Given records:
(* Let $S,E\ge0$ be integers and let $\mathbf c=(c_1,\dots,c_m)$, $\mathbf d=(d_1,\dots,d_m)$ be partitions with $\mathbf c\ne\mathbf d$. Let $\ell=\max\{i: c_i\ne d_i\}$, $f=\max\{i\in\{1,\dots,\ell\}: c_i<d_{i-1}\}$ (with $d_0=+\infty$) and $f'=\max\{i\in\{1,\dots,\ell\}: d_i<c_{i-1}\}$ (with $c_0=+\infty$). 1. There exists a partition $\mathbf g=(g_1,\dots,g_{m+1})$ with $\sum_{i=1}^{m+1}g_i=S$, $\mathbf g\prec'\mathbf c$ and $\mathbf g\prec'\mathbf d$ if and only if $S\le\sum_{i=1}^m\min\{c_i,d_i\}+\max\{c_f,d_{f'}\}$. 2. If $f>1$ and $f'>1$, there exists a partition $\mathbf e=(e_1,\dots,e_{m-1})$ with $\sum_{i=1}^{m-1}e_i=E$, $\mathbf c\prec'\mathbf e$ and $\mathbf d\prec'\mathbf e$ if and only if $E\ge\sum_{i=1}^m\max\{c_i,d_i\}-\max\{c_f,d_{f'}\}$. 3. If $f=1$ or $f'=1$, there exists a partition $\mathbf e=(e_1,\dots,e_{m-1})$ with $\sum_{i=1}^{m-1}e_i=E$, $\mathbf c\prec'\mathbf e$ and $\mathbf d\prec'\mathbf e$ if and only if $$E=\sum_{i=1}^m\max\{c_i,d_i\}-\max\{c_f,d_{f'}\}\quad\text{or}\quad E\ge\sum_{i=1}^m\max\{c_i,d_i\}-\max\{c_{f+1},d_{f'+1}\};$$ equivalently, if and only if $E=\sum_{i=2}^m\max\{c_i,d_i\}$ or $E\ge\max\{c_1,d_1\}+\sum_{i=3}^m\max\{c_i,d_i\}$.
   Context: A partition is a nonincreasing finite sequence of nonnegative integers; for a sequence $(a_1,\dots,a_m)$ one sets $a_i=-\infty$ for $i>m$. 1-step generalized majorization: for nonincreasing integer sequences $\mathbf g=(g_1,\dots,g_{k+1})$ and $\mathbf a=(a_1,\dots,a_k)$, set $a_{k+1}=-\infty$ and $h=\min\{i: a_i<g_i\}$; then $\mathbf g\prec'\mathbf a$ means $a_i=g_{i+1}$ for all $h\le i\le k$. Empty sums are $0$. *)

From mathcomp Require Import all_boot.
Set Implicit Arguments.
Unset Strict Implicit.
Unset Printing Implicit Defensive.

Exercise requirements: Output the full listing without altering anything.

Task answer:
(* Let $S,E\ge0$ be integers and let $\mathbf c=(c_1,\dots,c_m)$, $\mathbf d=(d_1,\dots,d_m)$ be partitions with $\mathbf c\ne\mathbf d$. Let $\ell=\max\{i: c_i\ne d_i\}$, $f=\max\{i\in\{1,\dots,\ell\}: c_i<d_{i-1}\}$ (with $d_0=+\infty$) and $f'=\max\{i\in\{1,\dots,\ell\}: d_i<c_{i-1}\}$ (with $c_0=+\infty$). 1. There exists a partition $\mathbf g=(g_1,\dots,g_{m+1})$ with $\sum_{i=1}^{m+1}g_i=S$, $\mathbf g\prec'\mathbf c$ and $\mathbf g\prec'\mathbf d$ if and only if $S\le\sum_{i=1}^m\min\{c_i,d_i\}+\max\{c_f,d_{f'}\}$. 2. If $f>1$ and $f'>1$, there exists a partition $\mathbf e=(e_1,\dots,e_{m-1})$ with $\sum_{i=1}^{m-1}e_i=E$, $\mathbf c\prec'\mathbf e$ and $\mathbf d\prec'\mathbf e$ if and only if $E\ge\sum_{i=1}^m\max\{c_i,d_i\}-\max\{c_f,d_{f'}\}$. 3. If $f=1$ or $f'=1$, there exists a partition $\mathbf e=(e_1,\dots,e_{m-1})$ with $\sum_{i=1}^{m-1}e_i=E$, $\mathbf c\prec'\mathbf e$ and $\mathbf d\prec'\mathbf e$ if and only if $$E=\sum_{i=1}^m\max\{c_i,d_i\}-\max\{c_f,d_{f'}\}\quad\text{or}\quad E\ge\sum_{i=1}^m\max\{c_i,d_i\}-\max\{c_{f+1},d_{f'+1}\};$$ equivalently, if and only if $E=\sum_{i=2}^m\max\{c_i,d_i\}$ or $E\ge\max\{c_1,d_1\}+\sum_{i=3}^m\max\{c_i,d_i\}$.
   Context: A partition is a nonincreasing finite sequence of nonnegative integers; for a sequence $(a_1,\dots,a_m)$ one sets $a_i=-\infty$ for $i>m$. 1-step generalized majorization: for nonincreasing integer sequences $\mathbf g=(g_1,\dots,g_{k+1})$ and $\mathbf a=(a_1,\dots,a_k)$, set $a_{k+1}=-\infty$ and $h=\min\{i: a_i<g_i\}$; then $\mathbf g\prec'\mathbf a$ means $a_i=g_{i+1}$ for all $h\le i\le k$. Empty sums are $0$. *)

From mathcomp Require Import all_boot.
Set Implicit Arguments.
Unset Strict Implicit.
Unset Printing Implicit Defensive.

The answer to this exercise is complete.